I went with #4 as it meets all the requirements. It is scalable, provides global uniqueness, and results in reasonably compact short URLs. But the design is simple enough to allow us to switch to different implementations and see the impact on performance and scalability. We would need to only change the algorithm inside IdGeneratorService.GenerateNextId. We could also plug different implementations by swapping out the implementations using feature flags in the future.
After generating an ID for a given LongUrl, I encode it to base62 to get the final short URL. This leads me a ShortCode which is the actual reference to the LongUrl.
I inententionally have remained very lean on my database storage to keep the data persisted small in order to meet our 10-year retention requirement. So I only persist the ShortUrl entity which has all the necessary data on it. I went with using the long Id from above as the primary key. Although this could be improved in a future version to instead just use ShortCode as the primary key.
I also apply a uniqueness constraint on the LongUrl field. This helps guarantee that I have no duplicates in the system. As in the case of distributed APIs running concurrently, it is possible to generate 2 different Snowflake IDs for the same LongUrl, however when we try to persist the two entities the first one wins, and we return the persisted object back.

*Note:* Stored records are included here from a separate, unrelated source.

Lemma incircle_bound_std a b o C : a < b -> inH o -> 1 <= C ->
  circle_in (Some a) (Some b) None o C -> 4 * (C ^ 2 - 1) <= C ^ 2.
Proof.
  intros Hab Ho HC Hin; destruct o as [x0 y0]; unfold inH in Ho; simpl in Ho.
  (* the circle is the Euclidean circle of centre (x0, Y) and radius R *)
  set (Y := C * y0); set (R := y0 * sqrt (C ^ 2 - 1)).
  assert (HC2 : 0 <= C ^ 2 - 1) by nra.
  assert (HR2 : R ^ 2 = (C ^ 2 - 1) * y0 ^ 2)
    by (unfold R; rewrite Rpow_mult_distr, pow2_sqrt; [ring | exact HC2]).
  assert (HR : 0 <= R) by (unfold R; apply Rmult_le_pos; [lra | apply sqrt_pos]).
  assert (HY : 0 < Y) by (unfold Y; nra).
  assert (HRY : R < Y).
  { destruct (Rlt_or_le R Y) as [| Hle]; [assumption |].
    assert (Y ^ 2 <= R ^ 2) by nra. unfold Y in *; nra. }
  assert (Hon : forall x y, 0 < y -> (x - x0) ^ 2 + (y - Y) ^ 2 = R ^ 2 ->
                  triangle (Some a) (Some b) None (x, y)).
  { intros x y Hy E; apply Hin; [exact Hy |].
    apply cosh_hdist_euclid; [exact Ho | exact Hy |]; cbn [fst snd]; rewrite <- HR2; exact E. }
  destruct (proj1 (triangle_std a b _ Hab) (Hon (x0 - R) Y ltac:(lra) ltac:(ring)))
    as [_ [[Hleft _] _]].
  destruct (proj1 (triangle_std a b _ Hab) (Hon (x0 + R) Y ltac:(lra) ltac:(ring)))
    as [_ [[_ Hright] _]].
  destruct (proj1 (triangle_std a b _ Hab) (Hon x0 (Y - R) ltac:(lra) ltac:(ring)))
    as [_ [_ Hbottom]].
  simpl in Hleft, Hright, Hbottom.
  assert (H2R : 2 * R <= Y)
    by (apply (disc_in_strip_above_semicircle a b x0); assumption).
  assert (H4 : 4 * R ^ 2 <= Y ^ 2) by nra.
  unfold Y in H4; rewrite HR2 in H4.
  apply Rmult_le_reg_r with (y0 ^ 2); [apply pow_lt; lra | lra].
Qed.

This ensures Consistency.
Our system is distributed across Redis, PostgreSQL and our API service. We can run many nodes of the API service to help achieve scale, similarly we can run many nodes of Redis to help fan-out the load. However, we need to be mindful of the trade-offs between Consistency, Availability, and Partition Tolerance.

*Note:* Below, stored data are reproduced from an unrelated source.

(* Let $\bm{A}=[\bm{A}_1\ \bm{A}_2]\in\mathbb{R}^{m\times(n_1+n_2)}$ have full column rank with $\bm{A}_j^\top\bm{A}_j=\bm{I}_j$, $\bm{C}:=\bm{A}_2^\top\bm{A}_1\ne0$, and suppose $r:=\operatorname{rank}(\bm{C})=\min\{n_1,n_2\}$. With $S_{11}:=[1,\infty)\times[1,\infty)$, $\min_{(\gamma_1,\gamma_2)\in S_{11}}\rho(\bm{M}(\gamma_1,\gamma_2))=\dfrac{\sqrt{1-\lambda_r(\bm{C}\bm{C}^\top)}-\sqrt{1-\lambda_1(\bm{C}\bm{C}^\top)}}{\sqrt{1-\lambda_r(\bm{C}\bm{C}^\top)}+\sqrt{1-\lambda_1(\bm{C}\bm{C}^\top)}}.$
   Context: $\rho$: spectral radius; $\lambda_i$: $i$-th largest eigenvalue. $\bm{M}(\gamma_1,\gamma_2)=\begin{bmatrix}(1-\gamma_1)\bm{I}_1&-\gamma_1\bm{C}^\top\\-\gamma_2(1-\gamma_1)\bm{C}&(1-\gamma_2)\bm{I}_2+\gamma_1\gamma_2\bm{C}\bm{C}^\top\end{bmatrix}$, the two-block gradient descent iteration matrix with stepsizes $\gamma_1,\gamma_2$. *)

From mathcomp Require Import all_boot all_order all_algebra.
From mathcomp Require Import reals.
From mathcomp.real_closed Require Import complex.
Set Implicit Arguments. Unset Strict Implicit. Unset Printing Implicit Defensive.
Import Order.TTheory GRing.Theory Num.Theory.
Local Open Scope ring_scope.

Section Defs.
Variable R : realType.

Definition cmx n (M : 'M[R]_n) : 'M[R[i]]_n := map_mx (fun x : R => Complex x 0) M.

(* the complex eigenvalues of M, listed with algebraic multiplicity
   (the roots of its characteristic polynomial in R[i]) *)
Definition ceigs n (M : 'M[R]_n) : seq R[i] :=
  projT1 (closed_field_poly_normal (char_poly (cmx M))).

Definition cmod (z : R[i]) : R := Num.sqrt (complex.Re z ^+ 2 + complex.Im z ^+ 2).

Definition spectral_radius n (M : 'M[R]_n) : R :=
  \big[Num.max/0]_(z <- ceigs M) cmod z.

(* lambda_i(M) (1-indexed): i-th largest eigenvalue of M, for M with real
   spectrum (e.g. symmetric), counted with multiplicity. *)
Definition eig_desc n (i : nat) (M : 'M[R]_n) : R :=
  nth 0 (sort (fun x y : R => y <= x) [seq complex.Re z | z <- ceigs M]) i.-1.

Definition gd_iter_mx n1 n2 (C : 'M[R]_(n2, n1)) (g1 g2 : R) : 'M[R]_(n1 + n2) :=
  block_mx ((1 - g1)%:M) (- g1 *: C^T)
           (- (g2 * (1 - g1)) *: C) ((1 - g2)%:M + (g1 * g2) *: (C *m C^T)).

End Defs.
Arguments gd_iter_mx {R n1 n2} C g1 g2.
Arguments spectral_radius {R n} M.
Arguments eig_desc {R n} i M.

From mathcomp Require Import all_boot all_order all_algebra.
From mathcomp Require Import reals.
From mathcomp.real_closed Require Import complex.
From mathcomp Require Import ring lra zify.
Set Implicit Arguments. Unset Strict Implicit. Unset Printing Implicit Defensive.
Import Order.TTheory GRing.Theory Num.Theory.
Local Open Scope ring_scope.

In our case, we prioritize Availability and Consistency over Partition Tolerance. This means that in the event of a network partition, Redis being unavailable for example, we allow for some level of inconsistency in the data, but we ensure that the system remains available for reads and writes.
To implement this fully, as noted above, we would perform background reconciliation to ensure that any inconsistencies are resolved over time. We also leverage the unique constraints in our database to help prevent duplicate entries and maintain data integrity.
As noted above, there is work to be done around consistency in the system. We would implement a background service that would reconcile data between Redis and PostgreSQL to ensure that any inconsistencies are resolved over time.
There is also a bit of work that can be done on the Web UI. The current Chota.Web project is the scaffolded ASP.NET Core project that provides a basic web interface for the URL shortener. We could replace this with a proper React App for URL shortening.
Similarly, allowing users to specify their own shortUrls would be a valuable feature to implement.
Asides this, benchmark test suites, using BenchmarkDotNet would be a good area to invest in. So that with each change we would be able to measure & report on performance metrics. I would also work on enhancing the test suite. The integration tests require a bit of work. It would be better to run several types of integration tests against running PostgreSQL and Redis instances. This is currently pending. I also intend to use NBomber for load testing in the future.